Compiles a PyTorch model using the CLIKA optimization backend.

For more information about torch.dynamo please see Torch Dynamo Documentation

This function serves as a high-level interface to torch.compile, specifically configured to utilize the 'clika' backend. It applies advanced model optimization techniques such as quantization, pruning, and LoRA adaptation based on the provided settings.

def clika_compile(
    module_or_func: ModelArgType,
    *,
    # clika related:
    tracing_inputs: Optional[Iterable[Any]] = None,
    calibration_inputs: Optional[Iterable[Any]] = None,
    deployment_settings: Optional[BaseDeploymentSettings] = None,
    data_transform_fn: Optional[AnyCallable] = lambda x: x,
    forward_fn: Optional[AnyCallable] = None,
    quantization_settings: Optional[QuantizationSettings] = None,
    layer_quantization_settings: Optional[Mapping[str, LayerQuantizationSettings]] = None,
    logs_dir: Optional[Union[Path, str]] = None,
    clika_compile_options: Optional[ClikaCompileOptions] = None,
    discard_input_model: bool = True,
    is_model_pretrained: bool = True,
    is_dry_run: bool = False,
    skip_eval_set_mode: bool = False,
    graph_name: Optional[str] = None,
    # dynamo related:
    fullgraph: bool = True,
    dynamic: bool = True,
    disable: bool = False,
    **extra_options: dict,
) -> Union[torch.nn.Module, ClikaModule]:

Arguments

`module_or_func`

Type: ModelArgType The PyTorch model (e.g., torch.nn.Module) or callable (e.g., my_model.infer) to be compiled and optimized.

`tracing_inputs`

Type: Optional[Iterable[Any]] (Default: None)

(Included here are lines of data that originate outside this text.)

(* Let $\ell$ be a prime, $\mathcal{C}$ a category, and $u\colon R\to S$ a homomorphism of pseudo-rings in the category of presheaves on $\mathcal{C}$ with values in graded $\mathbb{F}_\ell$-vector spaces. Let $m\ge1$ be an integer such that for every object $i$ of $\mathcal{C}$ and every $a\in\ker u_i$, $a^m=0$. Then for every $x\in\ker\varprojlim_{\mathcal{C}}u$, $x^m=0$. If moreover $n\ge0$ is an integer such that for every object $i$ of $\mathcal{C}$ and every $b\in S_i$, $b^{\ell^n}\in\mathrm{Im}\,u_i$, then for every $y\in\varprojlim_{\mathcal{C}}S$ and every integer $N\ge n+\log_\ell(m)$, $y^{\ell^N}\in\mathrm{Im}\,\varprojlim_{\mathcal{C}}u$. In particular, if $u$ is a uniform $F$-injection (resp. uniform $F$-isomorphism), so is $\varprojlim_{\mathcal{C}}u$.
   Context: A pseudo-ring in the (symmetric monoidal, with Koszul sign rule) category of presheaves of graded $\mathbb{F}_\ell$-vector spaces on $\mathcal{C}$ is a presheaf $R$ of graded $\mathbb{F}_\ell$-algebras, associative but not necessarily unital; a homomorphism $u$ is a compatible family of multiplicative graded linear maps $u_i\colon R_i\to S_i$. $\varprojlim_{\mathcal{C}}R$ is a graded pseudo-algebra. $u$ is a uniform $F$-injection (resp. uniform $F$-surjection) if there is $n\ge0$ such that for every object $i$ and every element $a$ of $\ker u_i$ (resp. of $S_i$), $a^{\ell^n}=0$ (resp. $a^{\ell^n}\in\mathrm{Im}\,u_i$); a uniform $F$-isomorphism is both. *)

From HB Require Import structures.
From mathcomp Require Import all_boot all_algebra.
Set Implicit Arguments. Unset Strict Implicit. Unset Printing Implicit Defensive.
Import GRing.Theory.
Local Open Scope ring_scope.

Record category := Category {
  Ob : Type;
  Hom : Ob -> Ob -> Type;
  idm : forall i, Hom i i;
  comp : forall i j k, Hom j k -> Hom i j -> Hom i k;   (* comp g f = g o f *)
  comp1m : forall i j (f : Hom i j), comp (idm j) f = f;
  compm1 : forall i j (f : Hom i j), comp f (idm i) = f;
  compA : forall i j k l (h : Hom k l) (g : Hom j k) (f : Hom i j),
      comp h (comp g f) = comp (comp h g) f }.

(* ---------- non-unital powers: ppow mul a n = a^n for n >= 1 ---------- *)
Definition ppow {T : Type} (mul : T -> T -> T) (a : T) (n : nat) : T :=
  iter n.-1 (mul a) a.

(* Koszul sign (-1)^(p q) for degrees p q : int *)
Definition koszul_sign (p q : int) : bool := odd (absz p) && odd (absz q).

(* ---------- Z-graded, graded-commutative (Koszul sign rule), associative,
   not necessarily unital F_l-algebras (= pseudo-rings in graded F_l-vector
   spaces). The carrier is the direct sum of the homogeneous pieces;
   gproj d is the projection onto the degree-d piece. ---------- *)
Record gpalg (l : nat) := GPAlg {
  gcar :> lmodType 'F_l;
  gmul : gcar -> gcar -> gcar;
  gproj : int -> {linear gcar -> gcar};
  gmulA : associative gmul;
  gmulDl : forall a b c, gmul (a + b) c = gmul a c + gmul b c;
  gmulDr : forall a b c, gmul a (b + c) = gmul a b + gmul a c;
  gmulZl : forall (k : 'F_l) a b, gmul (k *: a) b = k *: gmul a b;
  gmulZr : forall (k : 'F_l) a b, gmul a (k *: b) = k *: gmul a b;
  gproj_proj : forall d e a, gproj d (gproj e a) = if d == e then gproj e a else 0;
  gdecomp : forall a, exists s : seq int, uniq s /\ a = \sum_(d <- s) gproj d a;
  gmul_graded : forall p q a b,
      gproj (p + q) (gmul (gproj p a) (gproj q b)) = gmul (gproj p a) (gproj q b);
  gmul_comm : forall p q a b,
      gmul (gproj q b) (gproj p a) =
      (if koszul_sign p q then -1 else 1) *: gmul (gproj p a) (gproj q b) }.

Arguments gmul {l} _ _ _.
Arguments gproj {l} _ _.

Definition gphom (l : nat) (A B : gpalg l) (f : A -> B) : Prop :=
  [/\ forall a b, f (a + b) = f a + f b,
      forall (k : 'F_l) a, f (k *: a) = k *: f a,
      forall a b, f (gmul A a b) = gmul B (f a) (f b) &
      forall d a, f (gproj A d a) = gproj B d (f a)].

Record presheaf (l : nat) (C : category) := Presheaf {
  psh :> Ob C -> gpalg l;
  res : forall i j, Hom i j -> psh j -> psh i;
  res_hom : forall i j (f : Hom i j), gphom (res f);
  res_id : forall i x, res (idm i) x = x;
  res_comp : forall i j k (g : Hom j k) (f : Hom i j) x,
      res (comp g f) x = res f (res g x) }.

Arguments res {l C} _ {i j} _ _.

Section Presheaves.
Variables (l : nat) (C : category).

Definition pshom (R S : presheaf l C) (u : forall i, R i -> S i) : Prop :=
  (forall i, gphom (u i)) /\
  (forall i j (f : Hom i j) x, u i (res R f x) = res S f (u j x)).

(* ---------- the limit over C (computed in graded F_l-vector spaces):
   compatible families of finitely many total degrees, with componentwise
   operations ---------- *)
Definition limit_elt (R : presheaf l C) (x : forall i, R i) : Prop :=
  (forall i j (f : Hom i j), res R f (x j) = x i) /\
  (exists s : seq int, forall i, x i = \sum_(d <- s) gproj (R i) d (x i)).

Definition lim_zero (R : presheaf l C) : forall i, R i := fun i => 0.

Definition lim_mul (R : presheaf l C) (x y : forall i, R i) : forall i, R i :=
  fun i => gmul (R i) (x i) (y i).

Definition lim_map (R S : presheaf l C) (u : forall i, R i -> S i)
  (x : forall i, R i) : forall i, S i := fun i => u i (x i).

Definition unif_F_inj (R S : presheaf l C) (u : forall i, R i -> S i) : Prop :=
  exists n : nat, forall i (a : R i), u i a = 0 -> ppow (gmul (R i)) a (l ^ n) = 0.

Definition unif_F_surj (R S : presheaf l C) (u : forall i, R i -> S i) : Prop :=
  exists n : nat, forall i (b : S i),
    exists a : R i, u i a = ppow (gmul (S i)) b (l ^ n).

Definition unif_F_iso (R S : presheaf l C) (u : forall i, R i -> S i) : Prop :=
  unif_F_inj u /\ unif_F_surj u.

Definition lim_unif_F_inj (R S : presheaf l C) (u : forall i, R i -> S i) : Prop :=
  exists n : nat, forall x, limit_elt x -> lim_map u x = lim_zero S ->
    ppow (@lim_mul R) x (l ^ n) = lim_zero R.

Definition lim_unif_F_surj (R S : presheaf l C) (u : forall i, R i -> S i) : Prop :=
  exists n : nat, forall y, limit_elt y ->
    exists z, limit_elt z /\ lim_map u z = ppow (@lim_mul S) y (l ^ n).

Definition lim_unif_F_iso (R S : presheaf l C) (u : forall i, R i -> S i) : Prop :=
  lim_unif_F_inj u /\ lim_unif_F_surj u.

End Presheaves.

From Pilot Require Import Defs.
From HB Require Import structures.
From mathcomp Require Import all_boot all_algebra.
From Stdlib Require Import FunctionalExtensionality ClassicalEpsilon.
Set Implicit Arguments. Unset Strict Implicit. Unset Printing Implicit Defensive.
Import GRing.Theory.
Local Open Scope ring_scope.

(* Frobenius is additive on a graded-commutative F_l-algebra: for l = 2 the
   algebra is commutative, and for l odd the even part of an element is central
   while its odd part squares to zero, so a^l only sees the even part.  Hence
   (r - s)^m = 0 with m <= l^k forces r^(l^k) = s^(l^k).  Given y in lim S,
   choose preimages a_i of y_i^(l^n); restriction moves a_j to a_i up to an
   element of ker u_i, so the a_i^(l^k) form a compatible family, and cutting
   it down to the finitely many degrees of y^(l^N) gives an element of lim R
   mapping to y^(l^N).  The statement about kernels is componentwise. *)

Section AdditiveMaps.
Variables (V W : zmodType) (f : V -> W).
Hypothesis fD : {morph f : a b / a + b}.

Lemma additive0 : f 0 = 0.
Proof. by apply: (addrI (f 0)); rewrite -fD !addr0. Qed.

Lemma additiveB a b : f (a - b) = f a - f b.
Proof. by rewrite -[in f a](subrK b a) fD addrK. Qed.

Lemma additive_sum I (r : seq I) (P : pred I) (F : I -> V) :
  f (\sum_(i <- r | P i) F i) = \sum_(i <- r | P i) f (F i).
Proof. exact: (big_morph f fD additive0). Qed.

End AdditiveMaps.

Lemma ppow_morph (T1 T2 : Type) (mul1 : T1 -> T1 -> T1) (mul2 : T2 -> T2 -> T2)
    (f : T1 -> T2) : {morph f : x y / mul1 x y >-> mul2 x y} ->
  forall a n, f (ppow mul1 a n) = ppow mul2 (f a) n.
Proof. by move=> fM a [|n] //; rewrite /ppow /=; elim: n => [|n IH] //=; rewrite fM IH. Qed.

Section GradedPseudoAlgebra.
Variables (l : nat) (A : gpalg l).
Local Notation "a ** b" := (gmul A a b) (at level 40, left associativity).
Local Notation gproj := (gproj A).

Lemma gmul0r b : 0 ** b = 0.
Proof. exact: additive0 (fun x y => gmulDl x y b). Qed.

Lemma gmulr0 a : a ** 0 = 0.
Proof. exact: additive0 (gmulDr a). Qed.

Lemma gmul_suml I (r : seq I) (P : pred I) (F : I -> A) b :
  (\sum_(i <- r | P i) F i) ** b = \sum_(i <- r | P i) F i ** b.
Proof. exact: (additive_sum (fun x y => gmulDl x y b)). Qed.

Lemma gmul_sumr I (r : seq I) (P : pred I) (F : I -> A) a :
  a ** (\sum_(i <- r | P i) F i) = \sum_(i <- r | P i) a ** F i.
Proof. exact: (additive_sum (gmulDr a)). Qed.

Lemma ppowSr (a : A) n : ppow (gmul A) a n.+2 = a ** ppow (gmul A) a n.+1.
Proof. by []. Qed.

Lemma ppow_sqr0 (a : A) n : a ** a = 0 -> (2 < n)%N -> ppow (gmul A) a n = 0.
Proof.
move=> a2 /subnKC <-; elim: (n - 3)%N => [|k IH]; first by rewrite ppowSr /= gmulA a2 gmul0r.
by rewrite addnS ppowSr IH gmulr0.
Qed.

Definition supported (s : seq int) (w : A) := forall d, d \notin s -> gproj d w = 0.

Definition degsum (s t : seq int) := [seq d + e | d <- s, e <- t].

Lemma supported_sub s t w : supported s w -> {subset s <= t} -> supported t w.
Proof. by move=> sw st d dt; apply: sw; apply: contra dt; apply: st. Qed.

Lemma supported_proj_sum s w : supported s (\sum_(d <- s) gproj d w).
Proof.
move=> e es; rewrite linear_sum big1_seq // => d /andP[_ ds].
by rewrite gproj_proj; case: eqP => // ed; rewrite ed ds in es.
Qed.

Lemma exists_support w : exists s, supported s w.
Proof. by have [s [_ ->]] := gdecomp w; exists s; apply: supported_proj_sum. Qed.

Lemma supported_decomp s w : uniq s -> supported s w -> w = \sum_(d <- s) gproj d w.
Proof.
move=> us sw; have [t [_ wt]] := gdecomp w.
have -> : \sum_(d <- s) gproj d w = \sum_(d <- s) \sum_(e <- t) gproj d (gproj e w).
  by apply: eq_bigr => d _; rewrite {1}wt linear_sum.
rewrite {1}wt exchange_big /=; apply: eq_bigr => e _.
under eq_bigr do rewrite gproj_proj.
have [es|es] := boolP (e \in s).
  by rewrite (bigD1_seq e) //= eqxx big1 ?addr0 // => d /negPf->.
rewrite sw // big1_seq // => d /andP[_ ds].
by case: eqP => // de; rewrite de ds in es.
Qed.

Lemma supported_add s a b : supported s a -> supported s b -> supported s (a + b).
Proof. by move=> sa sb d ds; rewrite linearD sa // sb // addr0. Qed.

Lemma gmul_sums I J (r : seq I) (t : seq J) (P : pred I) (Q : pred J) F G :
  (\sum_(i <- r | P i) F i) ** (\sum_(j <- t | Q j) G j) =
  \sum_(i <- r | P i) \sum_(j <- t | Q j) F i ** G j.
Proof. by rewrite gmul_suml; under eq_bigr do rewrite gmul_sumr. Qed.

Lemma supported_mul s t a b :
  supported s a -> supported t b -> supported (degsum s t) (a ** b).
Proof.
move=> sa tb f ft.
have usa : supported (undup s) a by apply: supported_sub sa _ => d; rewrite mem_undup.
have utb : supported (undup t) b by apply: supported_sub tb _ => d; rewrite mem_undup.
rewrite (supported_decomp (undup_uniq s) usa) (supported_decomp (undup_uniq t) utb).
rewrite gmul_sums linear_sum big1_seq // => d /andP[_ ds].
rewrite linear_sum big1_seq // => e /andP[_ et].
rewrite -(gmul_graded d e) gproj_proj; case: eqP => // fde.
rewrite mem_undup in ds; rewrite mem_undup in et.
by rewrite fde (allpairs_f (fun x y : int => x + y)) in ft.
Qed.

Lemma supported_ppow s a n : supported s a -> supported (ppow degsum s n) (ppow (gmul A) a n).
Proof.
move=> sa; case: n => [|n] //; elim: n => [|n IH] //.
by rewrite ppowSr; apply: supported_mul.
Qed.

Definition even_part s a := \sum_(d <- s | ~~ odd `|d|%N) gproj d a.
Definition odd_part s a := \sum_(d <- s | odd `|d|%N) gproj d a.

Lemma even_odd_split s a : \sum_(d <- s) gproj d a = even_part s a + odd_part s a.
Proof.
rewrite (bigID (fun d : int => ~~ odd `|d|%N)) /=.
by under [X in _ + X]eq_bigl do rewrite negbK.
Qed.

Lemma even_partD s a b : even_part s (a + b) = even_part s a + even_part s b.
Proof. by rewrite /even_part -big_split; apply: eq_bigr => d _; rewrite raddfD. Qed.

A list of sample inputs used to trace the model's computational graph. This is essential for operations like ONNX export or torch.compile (Dynamo).

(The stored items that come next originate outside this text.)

Lemma call_cost_cons_le F (A : {set V}) u y q :
  call_cost F A u (y :: q) <=
    Num.max (rho + w u y + F y (comp A u y)) (rho + call_cost F A u q).
Proof.
rewrite /call_cost big_ord_recl /= mul1r ge_max le_max lexx le_max /=.
apply/orP; right; apply: bigmax_le => [|i _]; first by rewrite addr_ge0 ?bigmax_ge_id.
rewrite /bump /= !add0n add1n -natr1 mulrDl mul1r [_ + rho]addrC -!addrA lerD2l !addrA.
exact: (call_cost_ge F A u (ltn_ord i)).
Qed.

Lemma subset_le_bcast (A A' : {set V}) u : u \in A' -> A' \subset A -> B u A' <= B u A.
Proof.
have [k] := ubnP #|A|; elim: k A A' u => // k IH A A' u lt_Ak uA' sA'A.
have uA := subsetP sA'A u uA'.
have [P PA ->] := bcast_optimal uA.
have PA' : perm_eq [seq v <- P | v \in nbrs A' u] (nbrs A' u).
  apply: uniq_perm; [by rewrite filter_uniq // (perm_uniq PA) nbrs_uniq | exact: nbrs_uniq |].
  move=> y; rewrite mem_filter andb_idr // (perm_mem PA) !mem_nbrs.
  by case/andP=> /(subsetP sA'A) -> ->.
apply: le_trans (bcast_le_cost uA' PA') (call_cost_filter_le _) => v.
rewrite mem_filter => /andP [vA' _]; apply: IH (mem_comp_nbr vA') (comp_subset _ _ _ sA'A).
by have := card_comp_lt e v uA; lia.
Qed.

End Broadcast.

Section TreeBroadcast.
Variables (R : realFieldType) (V : finType) (e : rel V) (rho : R) (w : V -> V -> R).
Hypotheses (e_tree : is_tree e) (rho_ge0 : 0 <= rho).
Hypothesis w_ge0 : forall u v, e u v -> 0 <= w u v.

Let e_irr : irreflexive e := tree_irr e_tree.

Local Notation B := (bcast e rho w).

Lemma bcast_Tsub_descend a b c : e a b -> e b c -> a != c ->
  B c (Tsub e b c) <= B b (Tsub e a b).
Proof.
move=> eab ebc ac; have sTT := Tsub_subset e_tree eab ebc ac.
have bT := Tsub_self e_tree eab; have cT := subsetP sTT c (Tsub_self e_tree ebc).
apply: le_trans (bcast_ge_nbr w e_irr rho_ge0 bT cT ebc); rewrite comp_Tsub //.
by rewrite lerDr addr_ge0 ?w_ge0.
Qed.

Lemma bcast_Tsub_path a b q k : path e a (b :: q) -> last b q = k -> uniq (a :: b :: q) ->
  exists u, [/\ e u k, B a (Tsub e b a) <= B u (Tsub e k u)
                     & B k (Tsub e u k) <= B b (Tsub e a b)].
Proof.
elim: q a b => [|c q IH] a b /=; first by move=> /andP [eab _] <- _; exists a.
move=> /andP [eab bcq] lk /andP [abcq bcq_uniq].
have ac : a != c by apply: contraNneq abcq => ->; rewrite !inE eqxx orbT.
have [u [euk le_a le_k]] := IH b c bcq lk bcq_uniq.
have ebc : e b c by case/andP: bcq.
have ecb : e c b by rewrite (tree_sym e_tree).
have eba : e b a by rewrite (tree_sym e_tree).
exists u; split=> //; first by apply: le_trans le_a; rewrite bcast_Tsub_descend // eq_sym.
exact: le_trans le_k (bcast_Tsub_descend eab ebc ac).
Qed.

Lemma prime_center_Tsub k u : is_prime_broadcast_center e rho w k -> e u k ->
  B u (Tsub e k u) <= B k (Tsub e u k).
Proof.
move=> [_ k_prime] euk; have eku : e k u by rewrite (tree_sym e_tree).
by have := k_prime u eku; rewrite (Tbar_edge e_tree euk) (Tbar_edge e_tree eku).
Qed.

Lemma bcast_Tbar_le_prime k a b q : is_prime_broadcast_center e rho w k ->
  path e a (b :: q) -> last b q = k -> uniq (a :: b :: q) ->
  B a (Tbar e a b) <= w a b + B b (Tsub e a b).
Proof.
move=> k_prime abq lk abq_uniq; have eab : e a b by case/andP: abq.
have [u [euk le_a le_k]] := bcast_Tsub_path abq lk abq_uniq.
rewrite (Tbar_edge e_tree eab); apply: le_trans le_a _.
apply: le_trans (prime_center_Tsub k_prime euk) _; apply: le_trans le_k _.
by rewrite lerDr w_ge0.
Qed.

Lemma nbrs_Tbar_cons (A : {set V}) x y P : e x y -> y \in A ->
  perm_eq P (nbrs e (Tbar e x y) x) -> perm_eq (y :: [seq v <- P | v \in A]) (nbrs e A x).
Proof.
move=> exy yA PTb; apply: uniq_perm; last 1 first.
- move=> v; rewrite inE mem_filter !mem_nbrs.
  have [->|vy] := eqVneq v y; first by rewrite yA exy.
  rewrite (perm_mem PTb) mem_nbrs in_setC /=.
  have [exv|] := boolP (e x v); last by rewrite !andbF.
  by rewrite (nbr_notin_Tsub e_tree exv exy vy) !andbT.
- have y_P : y \notin P by rewrite (perm_mem PTb) mem_nbrs in_setC Tsub_self.
  by rewrite /= mem_filter negb_and y_P orbT filter_uniq // (perm_uniq PTb) nbrs_uniq.
- exact: nbrs_uniq.
Qed.

Lemma bcast_call_first (A : {set V}) x y : x \in A -> e x y -> Tsub e x y \subset A ->
  B x (Tbar e x y) <= w x y + B y (Tsub e x y) ->
  B x A = rho + w x y + B y (Tsub e x y).
Proof.
move=> xA exy sTA dom; have compA := comp_Tsub sTA.
have yA := subsetP sTA y (Tsub_self e_tree exy).
apply/eqP; rewrite eq_le -{2}compA bcast_ge_nbr // andbT.
have xTb : x \in Tbar e x y by rewrite in_setC mem_Tsub eqxx.
have [P PTb costP] := bcast_optimal rho w e_irr xTb.
have yP_nbrs := nbrs_Tbar_cons exy yA PTb.
apply: le_trans (bcast_le_cost rho w e_irr xA yP_nbrs) _.
apply: le_trans (call_cost_cons_le e w rho_ge0 _ _ _ _ _) _.
rewrite compA ge_max lexx -addrA lerD2l /=; apply: le_trans dom; rewrite costP.
apply: call_cost_filter_le => // v; rewrite mem_filter => /andP [vA vP].
have exv : e x v by move: vP; rewrite (perm_mem PTb) mem_nbrs => /andP [].
have vTb : v \in Tbar e x y by move: vP; rewrite (perm_mem PTb) mem_nbrs => /andP [].
apply: subset_le_bcast => //; first by rewrite mem_comp_nbr // mem_nbrs vA exv.
apply/comp_subset_comp/comp_subset_Tbar; first exact: tree_sym.
  by rewrite eq_sym (edge_neq e_tree).
by rewrite -in_setC.
Qed.

Lemma bcast_along_path k p : is_prime_broadcast_center e rho w k ->
  forall x (A : {set V}), path e x p -> last x p = k -> uniq (x :: p) -> x != k ->
  x \in A -> Tsub e x (head k p) \subset A ->
  B x A = (size p)%:R * rho + path_weight w x p + B k (Tbar e k x).
Proof.
move=> k_prime; elim: p => [|y p IH] x A /=; first by move=> _ -> _; rewrite eqxx.
move=> /andP [exy yp] lk xyp_uniq xk xA sTA.
rewrite (bcast_call_first xA exy sTA); last first.
  by apply: bcast_Tbar_le_prime k_prime _ lk xyp_uniq; rewrite /= exy.
case: p IH yp lk xyp_uniq {sTA} => [|z p] IH yp lk xyp_uniq.
  rewrite /= in lk; rewrite -lk /Tbar -(Tsub_edgeC e_tree exy).
  by rewrite /path_weight big_cons big_nil mul1r addr0.
have eyz : e y z by case/andP: yp.
have yzp_uniq : uniq (y :: z :: p) by case/andP: xyp_uniq.
have xz : x != z by apply: contraTneq xyp_uniq => ->; rewrite /= !inE eqxx !orbT.
have yk : y != k.
  by apply/eqP => yk; move: yzp_uniq; rewrite /= yk -lk /= mem_last.
rewrite (IH y _ yp lk yzp_uniq yk (Tsub_self e_tree exy) (Tsub_subset e_tree exy eyz xz)).
rewrite /Tbar (Tsub_edge_eq (tree_sym e_tree) exy xk yk) /path_weight /= !big_cons /=.
rewrite -!natr1 !mulrDl !mul1r; ring.
Qed.

End TreeBroadcast.

Theorem lemma4 (R : realFieldType) (V : finType) (e : rel V) (rho : R)
  (wl wu w : V -> V -> R) (kappa : V) :
  is_tree e -> 0 < rho -> edge_intervals e wl wu -> scenario e wl wu w ->
  is_prime_broadcast_center e rho w kappa ->
  forall (x : V) (p : seq V), x != kappa -> simple_path e x p kappa ->
  bcast e rho w x [set: V] =
    (size p)%:R * rho + path_weight w x p + bcast e rho w kappa (Tbar e kappa x).
Proof.
move=> e_tree rho_gt0 [_ [_ wlu]] [_ w_in] k_prime x p xk [xp [lk xp_uniq]].
have w_ge0 u v : e u v -> 0 <= w u v.
  move=> euv; case/andP: (wlu u v euv) => wl_ge0 _.
  by case/andP: (w_in u v euv) => /(le_trans wl_ge0).
exact: (bcast_along_path e_tree (ltW rho_gt0) w_ge0 k_prime xp lk xp_uniq xk
          (in_setT x) (subsetT _)).
Qed.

Content vs. Structure: The actual data values in the inputs does not matter (e.g., torch.rand is fine). However, the inputs must be valid in their type, shape, and structure (e.g., a dict with correct keys) so that the model's forward method can execute without error.
Input Format: Each element in the iterable represents a single, complete input for one call to the model's forward method. (e.g., [tensor1, tensor2] or [(ids1, mask1), (ids2, mask2)] or [(ids1, mask1, {'attn_mask': tensor}), (ids2, mask2, {'attn_mask': tensor})]).

Handling Dynamic Shapes

To export a model that supports dynamic input shapes (e.g., variable batch size, sequence length, or image dimensions), you must provide multiple tracing_inputs. The tracer analyzes the differences between these inputs to identify and enable dynamic axes.

For more information about torch.dynamo please see Torch Dynamo Documentation

Rule of Thumb: You must provide at least two examples that differ along the dimension(s) you wish to make dynamic. The tracer compares all provided inputs to determine the full set of dynamic axes.

Examples:

Dynamic Batch Size: Provide inputs with different batch sizes.
- tracing_inputs shapes: [(1, 3, 224, 224), (2, 3, 224, 224)]
Dynamic Spatial Dimensions: Provide inputs with different heights/widths.
- tracing_inputs shapes: [(1, 3, 224, 224), (1, 3, 320, 640)]
Dynamic Batch & Spatial: Provide inputs covering the range of variability.
- tracing_inputs shapes: [(1, 3, 224, 224), (2, 3, 320, 640)]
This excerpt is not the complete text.